Action item -
Go through the entries one line at a time, and gather every line that has the word "else".

------------------------

(* Let $d,n\ge 1$, let $\kappa\ge1$ divide $d$, and set $d'=d/\kappa$. Let $A_1,\dots,A_{d'}\in\mathbb{R}^{m\times n^\kappa}$ and $\mathcal{A}(\mathcal{Y})=\mathcal{Y}\times_1A_1\times_2\cdots\times_{d'}A_{d'}$. Suppose each $A_i$ has the RIP$(\varepsilon,\mathcal{S}_{1,2})$ property. Let $\delta=\max\{(1+\varepsilon)^d-1,\,1-(1-\varepsilon)^d\}$ and assume $\delta<1$. Then for all $\mathcal{X}\in\mathbb{R}^{n\times\cdots\times n}$ ($d$ modes) with HOSVD rank $(1,\dots,1)$, $$(1-\delta)\|\mathcal{X}\|^2\le\|\mathcal{A}(\mathcal{R}(\mathcal{X}))\|^2\le(1+\delta)\|\mathcal{X}\|^2.$$
   Context: $\|\cdot\|$ is the Frobenius norm. The $j$-mode product of $\mathcal{X}\in\mathbb{R}^{p_1\times\cdots\times p_D}$ with $U\in\mathbb{R}^{q\times p_j}$ has entries $(\mathcal{X}\times_jU)_{i_1,\dots,\ell,\dots,i_D}=\sum_{i_j}\mathcal{X}_{i_1,\dots,i_j,\dots,i_D}U_{\ell,i_j}$. HOSVD rank $(1,\dots,1)$ means $\mathcal{X}=c\,\mathbf{u}^1\circ\cdots\circ\mathbf{u}^d$ (nonzero rank-one). The reshaping operator $\mathcal{R}$ is the linear map with $\mathcal{R}(\mathbf{x}^1\circ\cdots\circ\mathbf{x}^d)=\bigcirc_{i=1}^{d'}(\mathbf{x}^{\kappa(i-1)+1}\otimes\cdots\otimes\mathbf{x}^{\kappa i})$ ($\circ$ outer product, $\otimes$ Kronecker product). $\mathcal{S}_1=\{\mathbf{u}^1\otimes\cdots\otimes\mathbf{u}^\kappa:\mathbf{u}^i\in\mathbb{S}^{n-1}\}$, $\mathcal{S}_2=\{(\mathbf{x}+\mathbf{y})/\|\mathbf{x}+\mathbf{y}\|_2:\mathbf{x},\mathbf{y}\in\mathcal{S}_1,\langle\mathbf{x},\mathbf{y}\rangle=0\}$, $\mathcal{S}_{1,2}=\mathcal{S}_1\cup\mathcal{S}_2$. A linear map $L$ has RIP$(\varepsilon,\mathcal{S})$ if $(1-\varepsilon)\|s\|^2\le\|Ls\|^2\le(1+\varepsilon)\|s\|^2$ for all $s\in\mathcal{S}$. *)

From HB Require Import structures.
From mathcomp Require Import all_boot all_order all_algebra.
Set Implicit Arguments. Unset Strict Implicit. Unset Printing Implicit Defensive.
Import Order.TTheory GRing.Theory Num.Theory.
Local Open Scope ring_scope.

Definition tensor (R : Type) (D p : nat) := {ffun {ffun 'I_D -> 'I_p} -> R}.

Section Defs.
Variable R : rcfType.

Definition vsqnorm (N : nat) (v : 'cV[R]_N) : R := \sum_(i < N) (v i 0) ^+ 2.

Definition tsqnorm (D p : nat) (X : tensor R D p) : R := \sum_I (X I) ^+ 2.

(* Kronecker (row-major, first factor most significant) linear index of
   (j_0, ..., j_{k-1}) in {0, ..., n^k - 1} *)
Definition kidx (k n : nat) (j : {ffun 'I_k -> 'I_n}) : nat :=
  (\sum_(t < k) val (j t) * n ^ (k.-1 - t))%N.

Definition kron (k n : nat) (x : 'I_k -> 'cV[R]_n) : 'cV[R]_(n ^ k) :=
  \col_(r < n ^ k) \sum_(j : {ffun 'I_k -> 'I_n})
      (if val r == kidx j then \prod_(t < k) x t (j t) 0 else 0).

Definition S1 (k n : nat) : 'cV[R]_(n ^ k) -> Prop := fun v =>
  exists x : 'I_k -> 'cV[R]_n, (forall t, vsqnorm (x t) = 1) /\ v = kron x.

Definition S2 (k n : nat) : 'cV[R]_(n ^ k) -> Prop := fun v =>
  exists x y, S1 x /\ S1 y /\ (x^T *m y) 0 0 = 0 /\
    v = (Num.sqrt (vsqnorm (x + y)))^-1 *: (x + y).

Definition S12 (k n : nat) : 'cV[R]_(n ^ k) -> Prop := fun v => S1 v \/ S2 v.

Definition RIP (m N : nat) (A : 'M[R]_(m, N)) (eps : R) (S : 'cV[R]_N -> Prop) :=
  forall s, S s ->
    (1 - eps) * vsqnorm s <= vsqnorm (A *m s) <= (1 + eps) * vsqnorm s.

(* HOSVD rank (1,...,1): X = c u^1 o ... o u^D, nonzero *)
Definition hosvd_rank1 (D n : nat) (X : tensor R D n) : Prop :=
  X != 0 /\ exists (c : R) (u : 'I_D -> 'cV[R]_n),
    forall I, X I = c * \prod_(a < D) u a (I a) 0.

(* value of entry k of a multi-index (0 outside range) *)
Definition Inat (D n : nat) (I : {ffun 'I_D -> 'I_n}) (k : nat) : nat :=
  if insub k is Some a then val (I a) else 0%N.

(* I (a d-mode index) corresponds to J (a d'-mode index of the reshaped
   tensor): mode i of J is the Kronecker index of modes i*kappa, ...,
   i*kappa + kappa - 1 of I. *)
Definition reshape_match (d kappa n d' : nat)
    (I : {ffun 'I_d -> 'I_n}) (J : {ffun 'I_d' -> 'I_(n ^ kappa)}) : bool :=
  [forall i : 'I_d', val (J i) ==
     (\sum_(t < kappa) Inat I (i * kappa + t) * n ^ (kappa.-1 - t))%N].

(* reshaping operator R : R^{n x ... x n} (d modes) -> R^{n^k x ... x n^k}
   (d' = d / kappa modes); linear, and maps x^1 o ... o x^d to
   o_i (x^{kappa(i-1)+1} (x) ... (x) x^{kappa i}). *)
Definition treshape (d kappa n : nat) (X : tensor R d n) :
    tensor R (d %/ kappa) (n ^ kappa) :=
  [ffun J : {ffun 'I_(d %/ kappa) -> 'I_(n ^ kappa)} => \sum_(I : {ffun 'I_d -> 'I_n}) (if @reshape_match d kappa n (d %/ kappa) I J then X I else 0)].

(* A(Y) = Y x_1 A_1 x_2 ... x_{d'} A_{d'} (iterated mode products, unfolded) *)
Definition Aop (D N m : nat) (A : 'I_D -> 'M[R]_(m, N)) (Y : tensor R D N) :
    tensor R D m :=
  [ffun L : {ffun 'I_D -> 'I_m} => \sum_(J : {ffun 'I_D -> 'I_N}) Y J * \prod_(i < D) A i (L i) (J i)].

End Defs.

From HB Require Import structures.
From mathcomp Require Import all_boot all_order all_algebra.
From mathcomp Require Import zify lra.
Import Order.TTheory GRing.Theory Num.Theory.
Set Implicit Arguments. Unset Strict Implicit. Unset Printing Implicit Defensive.
Local Open Scope ring_scope.

(* For X = c u^1 o ... o u^d, both the reshaping and the mode products
   preserve rank one: A(R(X)) = c (A_1 w_1) o ... o (A_d' w_d'), where w_i is
   the Kronecker product of the i-th block of kappa factors.  Hence
   ||X||^2 = c^2 prod_i ||w_i||^2 and ||A(R(X))||^2 = c^2 prod_i ||A_i w_i||^2.
   Each w_i is a rescaled element of S_1 (only this half of S_{1,2} is used),
   so ||A_i w_i||^2 lies within a factor 1 -+ eps of ||w_i||^2, and the product
   within (1 -+ eps)^d'.  As S_1 contains unit vectors, eps >= 0, and delta < 1
   forces eps < 1; since d' <= d this gives the bounds 1 -+ delta. *)

Lemma kidxS (k n : nat) (j : {ffun 'I_k.+1 -> 'I_n}) :
  kidx j = (j ord0 * n ^ k + kidx [ffun t : 'I_k => j (lift ord0 t)])%N.
Proof.
rewrite /kidx big_ord_recl /= subn0; congr (_ + _)%N.
by apply: eq_bigr => t _; rewrite ffunE /bump /= subnDA subn1.
Qed.

Lemma kidx_lt (k n : nat) (j : {ffun 'I_k -> 'I_n}) : (kidx j < n ^ k)%N.
Proof.
elim: k j => [|k IH] j; first by rewrite /kidx big_ord0.
rewrite kidxS expnS.
have := IH [ffun t : 'I_k => j (lift ord0 t)].
have : (j ord0 < n)%N := ltn_ord _.
set a := kidx _; set b := nat_of_ord _ => lt_b_n lt_a.
have : (b.+1 * n ^ k <= n * n ^ k)%N by rewrite leq_mul2r lt_b_n orbT.
lia.
Qed.

Lemma kidx_inj (k n : nat) : injective (@kidx k n).
Proof.
elim: k => [|k IH] j1 j2; first by move=> _; apply/ffunP => -[].
rewrite !kidxS => e.
set t1 := [ffun t => _] in e; set t2 := [ffun t => _] in e.
have lt1 := kidx_lt t1; have lt2 := kidx_lt t2.
have e0 : j1 ord0 = j2 ord0.
  have nk_gt0 : (0 < n ^ k)%N by move: lt1; case: (n ^ k)%N.
  apply: val_inj; move: (congr1 (fun x => x %/ n ^ k)%N e).
  by rewrite !divnMDl ?divn_small ?addn0.
have /IH e1 : kidx t1 = kidx t2 by move: e; rewrite e0 => /addnI.
apply/ffunP => t; case: (unliftP ord0 t) => [t'|] -> //.
by move/ffunP: e1 => /(_ t'); rewrite !ffunE.
Qed.

Definition kord (k n : nat) (j : {ffun 'I_k -> 'I_n}) : 'I_(n ^ k) :=
  Ordinal (kidx_lt j).

Lemma kord_bij (k n : nat) : bijective (@kord k n).
Proof.
apply: inj_card_bij; last by rewrite card_ffun !card_ord.
by move=> j1 j2 /(congr1 val) /kidx_inj.
Qed.

Section KroneckerNorms.
Variable R : rcfType.

Lemma vsqnorm_ge0 N (v : 'cV[R]_N) : 0 <= vsqnorm v.
Proof. by apply: sumr_ge0 => i _; rewrite sqr_ge0. Qed.

Lemma vsqnorm0 N : vsqnorm (0 : 'cV[R]_N) = 0.
Proof. by rewrite /vsqnorm big1 // => i _; rewrite mxE expr0n. Qed.

Lemma vsqnorm_eq0 N (v : 'cV[R]_N) : (vsqnorm v == 0) = (v == 0).
Proof.
apply/eqP/eqP => [v0|->]; last exact: vsqnorm0.
apply/matrixP => i j; rewrite (ord1 j) mxE.
have /psumr_eq0P : \sum_(i < N) v i 0 ^+ 2 = 0 := v0.
by move=> /(_ (fun i _ => sqr_ge0 _) i isT) /eqP; rewrite sqrf_eq0 => /eqP.
Qed.

Lemma vsqnormZ N (a : R) (v : 'cV[R]_N) : vsqnorm (a *: v) = a ^+ 2 * vsqnorm v.
Proof. by rewrite /vsqnorm mulr_sumr; apply: eq_bigr => i _; rewrite mxE exprMn. Qed.

Lemma vsqnorm_delta N (i : 'I_N) : vsqnorm (delta_mx i 0 : 'cV[R]_N) = 1.
Proof.
rewrite /vsqnorm (bigD1 i) //= big1 => [|r /negbTE ri]; rewrite mxE eqxx ?ri /=.
  by rewrite expr1n addr0.
by rewrite expr0n.
Qed.

Lemma kron_kord k n (x : 'I_k -> 'cV[R]_n) (j : {ffun 'I_k -> 'I_n}) :
  kron x (kord j) 0 = \prod_t x t (j t) 0.
Proof.
rewrite mxE (bigD1 j) //= eqxx [X in _ + X]big1 ?addr0 // => j' /negbTE j'j.
by case: eqP => // /kidx_inj ej; rewrite ej eqxx in j'j.
Qed.

Lemma vsqnorm_kron k n (x : 'I_k -> 'cV[R]_n) :
  vsqnorm (kron x) = \prod_t vsqnorm (x t).
Proof.
rewrite /vsqnorm bigA_distr_bigA /= (reindex _ (onW_bij _ (@kord_bij k n))) /=.
by apply: eq_bigr => j _; rewrite kron_kord prodrXl.
Qed.

Lemma kronZ k n (a : 'I_k -> R) (x y : 'I_k -> 'cV[R]_n) :
  (forall t, x t = a t *: y t) -> kron x = (\prod_t a t) *: kron y.
Proof.
move=> xy; apply/matrixP => r c; rewrite !mxE mulr_sumr; apply: eq_bigr => j _.
case: ifP => _; last by rewrite mulr0.
by rewrite -big_split; apply: eq_bigr => t _; rewrite xy mxE.
Qed.

End KroneckerNorms.

Section RestrictedIsometry.
Variables (R : rcfType) (m N : nat) (A : 'M[R]_(m, N)) (eps : R).

Lemma RIP_sub (S S' : 'cV[R]_N -> Prop) :
  (forall s, S s -> S' s) -> RIP A eps S' -> RIP A eps S.
Proof. by move=> sub hA s /sub /hA. Qed.

Lemma RIP_scale (S : 'cV[R]_N -> Prop) s (a : R) : RIP A eps S -> S s ->
  (1 - eps) * vsqnorm (a *: s) <= vsqnorm (A *m (a *: s))
  <= (1 + eps) * vsqnorm (a *: s).
Proof.
move=> hA /hA /andP[lo hi]; have a2_ge0 : 0 <= a ^+ 2 := sqr_ge0 a.
by rewrite -scalemxAr !vsqnormZ !(mulrCA _ (a ^+ 2)) !ler_wpM2l.
Qed.

Lemma RIP_ge0 (S : 'cV[R]_N -> Prop) s :
  RIP A eps S -> S s -> vsqnorm s = 1 -> 0 <= eps.
Proof. by move=> hA /hA + s1; rewrite s1 !mulr1 => /andP[lo hi]; lra. Qed.

End RestrictedIsometry.

Section KroneckerRIP.
Variables (R : rcfType) (m k n : nat) (A : 'M[R]_(m, n ^ k)) (eps : R).
Hypothesis hA : RIP A eps (@S1 R k n).

Lemma RIP_S1_kron (x : 'I_k -> 'cV[R]_n) :
  (1 - eps) * vsqnorm (kron x) <= vsqnorm (A *m kron x)
  <= (1 + eps) * vsqnorm (kron x).
Proof.
have [/existsP[t /eqP xt0]|/existsPn x_neq0] := boolP [exists t, x t == 0].
  have /eqP -> : kron x == 0.
    by rewrite -vsqnorm_eq0 vsqnorm_kron (bigD1 t) //= xt0 vsqnorm0 mul0r.
  by rewrite mulmx0 !vsqnorm0 !mulr0 lexx.
pose r t := Num.sqrt (vsqnorm (x t)).
have x_gt0 t : 0 < vsqnorm (x t) by rewrite lt_def vsqnorm_eq0 x_neq0 vsqnorm_ge0.
have r_gt0 t : 0 < r t by rewrite sqrtr_gt0.
pose y t := (r t)^-1 *: x t.
have xy t : x t = r t *: y t by rewrite scalerA divff ?scale1r ?gt_eqF.
rewrite (kronZ xy); apply: (RIP_scale _ hA); exists y; split=> // t.
by rewrite vsqnormZ exprVn sqr_sqrtr ?mulVf ?gt_eqF // ltW.
Qed.

Lemma RIP_S1_ge0 : (0 < n)%N -> 0 <= eps.
Proof.
move=> n_gt0; pose e0 : 'cV[R]_n := delta_mx (Ordinal n_gt0) 0.
have e0_unit : vsqnorm e0 = 1 by apply: vsqnorm_delta.
apply: (RIP_ge0 hA (s := kron (fun=> e0))); first by exists (fun=> e0).
by rewrite vsqnorm_kron big1.
Qed.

------------------------

Response area -
      (if val r == kidx j then \prod_(t < k) x t (j t) 0 else 0).
  if insub k is Some a then val (I a) else 0%N.
  [ffun J : {ffun 'I_(d %/ kappa) -> 'I_(n ^ kappa)} => \sum_(I : {ffun 'I_d -> 'I_n}) (if @reshape_match d kappa n (d %/ kappa) I J then X I else 0)].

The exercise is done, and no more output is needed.